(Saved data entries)
-------

Lemma arclenR_sc g c a b : 0 < c -> arclenR (fun t => sc c (g t)) a b = c * arclenR g a b.
Proof.
  intros Hc. unfold arclenR. rewrite arclen_sc by auto.
  destruct (arclen g a b); simpl; ring.
Qed.

Lemma arclenR_nonneg g a b : 0 <= arclenR g a b.
Proof.
  unfold arclenR. destruct (arclen g a b) eqn:E; [|lra].
  refine (Rsup_nonneg _ r _ E). intros s [n [p [_ ->]]].
  apply sumR_nonneg. intros; apply dist_nonneg.
Qed.

Lemma arclen_chord g a b L : arclen g a b = Fin L -> a <= b -> dist (g a) (g b) <= L.
Proof.
  intros HL Hab. apply (Rsup_le _ _ _ HL).
  exists 1%nat, (fun i => match i with O => a | _ => b end). split.
  - split; [auto|split; [auto|]]. intros i Hi. destruct i; simpl; [lra|lia].
  - simpl. ring.
Qed.

Lemma arclen_start_bound g L t : arclen g 0 1 = Fin L -> 0 <= t <= 1 -> dist (g 0) (g t) <= L.
Proof.
  intros HL Ht. apply Rle_trans with (dist (g 0) (g t) + dist (g t) (g 1)).
  - pose proof (dist_nonneg (g t) (g 1)); lra.
  - apply (Rsup_le _ _ _ HL).
    exists 2%nat, (fun i => match i with O => 0 | 1%nat => t | _ => 1 end). split.
    + split; [auto|split; [auto|]]. intros i Hi. destruct i as [|[|i]]; simpl; lra || lia.
    + simpl. ring.
Qed.

(* A partition of [a, b] extends, by the points 0 and 1, to one of [0, 1]. *)
Lemma arclen_sub_finite g a b : rectifiable g -> 0 <= a -> a <= b -> b <= 1 ->
  exists L, arclen g a b = Fin L.
Proof.
  intros [L0 HL0] Ha Hab Hb.
  set (ext := fun n (p : nat -> R) i =>
                match i with O => 0 | S j => if (j <=? n)%nat then p j else 1 end).
  assert (Hbd : forall s, (exists n p, partition a b n p /\
          s = sumR (fun i => dist (g (p i)) (g (p (S i)))) n) -> s <= L0).
  { intros s [n [p [[Hp0 [Hpn Hpm]] ->]]]. apply Rle_trans with
      (sumR (fun i => dist (g (ext n p i)) (g (ext n p (S i)))) (S (S n))).
    - rewrite sumR_shift. cbn [sumR].
      rewrite (sumR_ext (fun i => dist (g (ext n p (S i))) (g (ext n p (S (S i)))))
                (fun i => dist (g (p i)) (g (p (S i)))) n).
      + pose proof (dist_nonneg (g (ext n p O)) (g (ext n p 1%nat))).
        pose proof (dist_nonneg (g (ext n p (S n))) (g (ext n p (S (S n))))). lra.
      + intros i Hi. unfold ext.
        replace (i <=? n)%nat with true by (symmetry; apply Nat.leb_le; lia).
        replace (S i <=? n)%nat with true by (symmetry; apply Nat.leb_le; lia). auto.
    - apply (Rsup_le _ _ _ HL0). exists (S (S n)), (ext n p). split; auto.
      split; [auto|split].
      + unfold ext. replace (S n <=? n)%nat with false by (symmetry; apply Nat.leb_gt; lia). auto.
      + intros i Hi. destruct i as [|j]; unfold ext.
        * replace (0 <=? n)%nat with true by (symmetry; apply Nat.leb_le; lia). lra.
        * destruct (Nat.leb_spec j n); destruct (Nat.leb_spec (S j) n); try lia.
          -- apply Hpm; lia.
          -- replace j with n by lia. lra. }
  unfold arclen.
  destruct (Rsup_spec (fun s => exists n p, partition a b n p /\
          s = sumR (fun i => dist (g (p i)) (g (p (S i)))) n))
    as [[m [H1 _]]|[[H1 _]|[H1 H2]]]; eauto.
  exfalso. apply H2. exists L0. exact Hbd.
Qed.

Lemma arclenR_chord g a b : rectifiable g -> 0 <= a -> a <= b -> b <= 1 ->
  dist (g a) (g b) <= arclenR g a b.
Proof.
  intros. destruct (arclen_sub_finite g a b) as [L HL]; auto.
  unfold arclenR; rewrite HL. apply arclen_chord; auto.
Qed.

Lemma line_integral_sc wU wV g c : 0 < c ->
  (forall t, 0 <= t <= 1 -> wU (sc c (g t)) = / c * wV (g t)) ->
  line_integral wU (fun t => sc c (g t)) = line_integral wV g.
Proof.
  intros Hc Hw. unfold line_integral. f_equal. apply pred_ext. intros s.
  assert (Heq : forall n p, partition 0 1 n p ->
     sumR (fun i => Rinf_R (fun v => exists t, p i <= t <= p (S i) /\ v = wU (sc c (g t)))
                    * arclenR (fun t => sc c (g t)) (p i) (p (S i))) n =
     sumR (fun i => Rinf_R (fun v => exists t, p i <= t <= p (S i) /\ v = wV (g t))
                    * arclenR g (p i) (p (S i))) n).
  { intros n p Hp. apply sumR_ext. intros i Hi.
    pose proof (partition_range _ _ _ _ Hp i ltac:(lia)).
    pose proof (partition_range _ _ _ _ Hp (S i) ltac:(lia)).
    rewrite arclenR_sc by auto.
    replace (Rinf_R (fun v => exists t, p i <= t <= p (S i) /\ v = wU (sc c (g t))))
      with (Rinf_R (fun v => exists t, p i <= t <= p (S i) /\ v = / c * wV (g t))).
    - rewrite Rinf_scale by (apply Rinv_0_lt_compat; auto). field. lra.
    - f_equal. apply pred_ext.
      intros v; split; intros [t [Ht ->]]; exists t; split; auto; rewrite Hw; auto; lra. }
  split; intros [n [p [Hp ->]]]; exists n, p; split; auto; rewrite Heq; auto.
Qed.

Lemma line_integral_nonneg w g L : (forall z, 0 <= w z) -> line_integral w g = Fin L -> 0 <= L.
Proof.
  intros Hw HL. refine (Rsup_nonneg _ L _ HL). intros s [n [p [Hp ->]]].
  apply sumR_nonneg. intros i Hi. apply Rmult_le_pos; [|apply arclenR_nonneg].
  apply Rinf_nonneg. intros x [t [_ ->]]; auto.
Qed.

Definition pcont (g : R -> pt) : Prop :=
  forall t, 0 <= t <= 1 -> forall e, 0 < e -> exists d, 0 < d /\
     forall s, 0 <= s <= 1 -> Rabs (s - t) < d -> dist (g s) (g t) < e.

Lemma pcont_sc g c : 0 < c -> pcont g -> pcont (fun t => sc c (g t)).
Proof.
  intros Hc Hg t Ht e He.
  destruct (Hg t Ht (e / c) ltac:(apply Rdiv_lt_0_compat; lra)) as [d [Hd Hds]].
  exists d; split; auto. intros s Hs Hst. rewrite dist_sc by auto.
  specialize (Hds s Hs Hst). apply Rmult_lt_compat_l with (r := c) in Hds; auto.
  replace (c * (e / c)) with e in Hds by (field; lra). auto.
Qed.

Definition qh_lengths (U : pt -> Prop) (x y : pt) : R -> Prop :=
  fun L => exists g, path_in U x y g /\ rectifiable g /\
             line_integral (fun z => / dG U z) g = Fin L.

Lemma kG_qh_lengths U x y : kG U x y = Rinf_R (qh_lengths U x y).
Proof. reflexivity. Qed.

Lemma qh_lengths_nonneg U x y : forall L, qh_lengths U x y L -> 0 <= L.
Proof.
  intros L [g [_ [_ HL]]]. refine (line_integral_nonneg _ _ _ _ HL).
  intros z. apply Rinv_nonneg, dG_nonneg.
Qed.

Lemma qh_lengths_sc U V x y g c L : 0 < c ->
  path_in V x y g -> rectifiable g -> line_integral (fun z => / dG V z) g = Fin L ->
  (forall t, 0 <= t <= 1 -> U (sc c (g t)) /\ dG U (sc c (g t)) = c * dG V (g t)) ->
  qh_lengths U (sc c x) (sc c y) L.
Proof.
  intros Hc [Hg0 [Hg1 [_ Hgc]]] [Lg HLg] HL HUV.
  exists (fun t => sc c (g t)). split; [|split].
  - split; [rewrite Hg0; auto|split; [rewrite Hg1; auto|split]].
    + intros t Ht. apply (HUV t Ht).
    + apply pcont_sc; auto.
  - exists (c * Lg). rewrite arclen_sc, HLg by auto. reflexivity.
  - rewrite <- HL. apply line_integral_sc; auto. intros t Ht.
    rewrite (proj2 (HUV t Ht)). apply Rinv_mult.
Qed.

Definition hit_time (h : R -> pt) (rho : R) : R :=
  Rinf_R (fun t => (0 <= t <= 1) /\ rho <= nrm (h t)).

Lemma hit_time_spec h rho : pcont h -> nrm (h 0) <= rho ->
  (exists ts, 0 <= ts <= 1 /\ rho <= nrm (h ts)) ->
  0 <= hit_time h rho <= 1 /\ nrm (h (hit_time h rho)) = rho /\
  (forall s, 0 <= s <= hit_time h rho -> nrm (h s) <= rho).
Proof.
  intros Hc H0 [ts [Hts Hrts]]. unfold hit_time.
  set (E := fun t => (0 <= t <= 1) /\ rho <= nrm (h t)).
  assert (Hlb : forall x, E x -> 0 <= x) by (intros x [[? ?] ?]; auto).
  assert (Hne : exists s, E s) by (exists ts; split; auto).
  set (T := Rinf_R E).
  assert (HT0 : 0 <= T) by (apply Rinf_ge; auto).
  assert (HT1 : T <= ts) by (apply Rinf_le with 0; auto; split; auto).
  assert (Hbelow : forall s, 0 <= s < T -> nrm (h s) < rho).
  { intros s Hs. apply Rnot_le_lt. intro Hr. assert (T <= s); [|lra].
    apply Rinf_le with 0; auto. split; [lra|auto]. }
  assert (Hge : rho <= nrm (h T)).
  { apply Rnot_lt_le. intro Hlt.
    destruct (Hc T ltac:(lra) (rho - nrm (h T)) ltac:(lra)) as [d [Hd Hds]].
    destruct (Rinf_approx E 0 d Hlb Hne Hd) as [t [[Ht1 Ht2] Ht3]]. fold T in Ht3.
    assert (T <= t) by (apply Rinf_le with 0; auto; split; auto).
    assert (Hdd := Hds t Ht1 ltac:(apply Rabs_def1; lra)).
    pose proof (nrm_sub_le (h t) (h T)). lra. }
  assert (Hle : nrm (h T) <= rho).
  { apply Rnot_lt_le. intro Hlt.
    assert (HTp : 0 < T).
    { destruct (Req_dec T 0) as [He|He]; [|lra]. rewrite He in Hlt. lra. }
    destruct (Hc T ltac:(lra) (nrm (h T) - rho) ltac:(lra)) as [d [Hd Hds]].
    set (s := Rmax 0 (T - d/2)).
    assert (Hs1 : 0 <= s) by apply Rmax_l. assert (Hs2 : T - d/2 <= s) by apply Rmax_r.
    assert (Hs3 : s < T) by (unfold s; apply Rmax_lub_lt; lra).
    assert (Hdd := Hds s ltac:(lra) ltac:(apply Rabs_def1; lra)).
    pose proof (nrm_le_dist (h T) (h s)).
    pose proof (Hbelow s ltac:(lra)). lra. }
  split; [lra|split; [lra|]].
  intros s Hs. destruct (Req_dec s T) as [->|Hne']; [lra|]. left; apply Hbelow; lra.
Qed.

Lemma hit_time_mono h r1 r2 : r1 <= r2 -> (exists ts, 0 <= ts <= 1 /\ r2 <= nrm (h ts)) ->
  hit_time h r1 <= hit_time h r2.
Proof.
  intros Hr [ts [Hts Hr2]]. unfold hit_time at 2. apply Rinf_ge.
  - intros x [Hx1 Hx2]. unfold hit_time. apply Rinf_le with 0.
    + intros y [[? ?] ?]; auto.
    + split; auto; lra.
  - exists ts; split; auto.
Qed.

Lemma hit_time_start h : hit_time h (nrm (h 0)) = 0.
Proof.
  apply Rle_antisym.
  - apply Rinf_le with 0; [intros x [[? ?] ?]; auto|]. split; lra.
  - apply Rinf_nonneg. intros x [[? ?] ?]; auto.
Qed.

(* Crossing the annulus rho <= |z| <= 2 rho costs at least 1/2: the arc is at
   least rho long and, the origin being a boundary point, 1/d_U >= 1/(2 rho). *)
Lemma annulus_darboux_term U h s t rho :
  is_open U -> boundary U origin -> (forall u, 0 <= u <= 1 -> U (h u)) -> rectifiable h ->
  0 <= s <= t -> t <= 1 -> 0 < rho -> nrm (h s) = rho -> nrm (h t) = 2 * rho ->
  (forall u, s <= u <= t -> nrm (h u) <= 2 * rho) ->
  1 / 2 <= Rinf_R (fun v => exists u, s <= u <= t /\ v = / dG U (h u)) * arclenR h s t.
Proof.
  intros HoU HbU HU Hrect Hst Ht1 Hrho Hs Ht Hann.
  assert (Hweight : / (2 * rho) <= Rinf_R (fun v => exists u, s <= u <= t /\ v = / dG U (h u))).
  { apply Rinf_ge; [|exists (/ dG U (h s)); exists s; split; auto; lra].
    intros x [u [Hu ->]].
    apply Rinv_le_contravar; [apply dG_pos; auto; apply HU; lra|].
    apply Rle_trans with (nrm (h u)); [apply dG_le_nrm; auto|]. apply Hann; auto. }
  assert (Hlength : rho <= arclenR h s t).
  { apply Rle_trans with (dist (h s) (h t)); [|apply arclenR_chord; auto; lra].
    pose proof (nrm_le_dist (h t) (h s)). lra. }
  replace (1 / 2) with (/ (2 * rho) * rho) by (field; lra).
  apply Rmult_le_compat; auto; [left; apply Rinv_0_lt_compat|]; lra.
Qed.

Definition hit_partition (h : R -> pt) (a : R) (n i : nat) : R :=
  if (i <=? n)%nat then hit_time h (2 ^ i * a) else 1.

Section ExitingPath.

Variables (h : R -> pt) (n : nat).
Hypothesis Hc : pcont h.
Hypothesis Ha : 0 < nrm (h 0).
Hypothesis Hexit : exists ts, 0 <= ts <= 1 /\ 2 ^ n * nrm (h 0) <= nrm (h ts).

-------

All lines above from the line with "apply sumR_nonneg. intros i" through the line with "exists d; split;", both included, are to be set down exactly, with nothing else.

§ **ANSWER AREA**
  apply sumR_nonneg. intros i Hi. apply Rmult_le_pos; [|apply arclenR_nonneg].
  apply Rinf_nonneg. intros x [t [_ ->]]; auto.
Qed.

Definition pcont (g : R -> pt) : Prop :=
  forall t, 0 <= t <= 1 -> forall e, 0 < e -> exists d, 0 < d /\
     forall s, 0 <= s <= 1 -> Rabs (s - t) < d -> dist (g s) (g t) < e.

Lemma pcont_sc g c : 0 < c -> pcont g -> pcont (fun t => sc c (g t)).
Proof.
  intros Hc Hg t Ht e He.
  destruct (Hg t Ht (e / c) ltac:(apply Rdiv_lt_0_compat; lra)) as [d [Hd Hds]].
  exists d; split; auto. intros s Hs Hst. rewrite dist_sc by auto.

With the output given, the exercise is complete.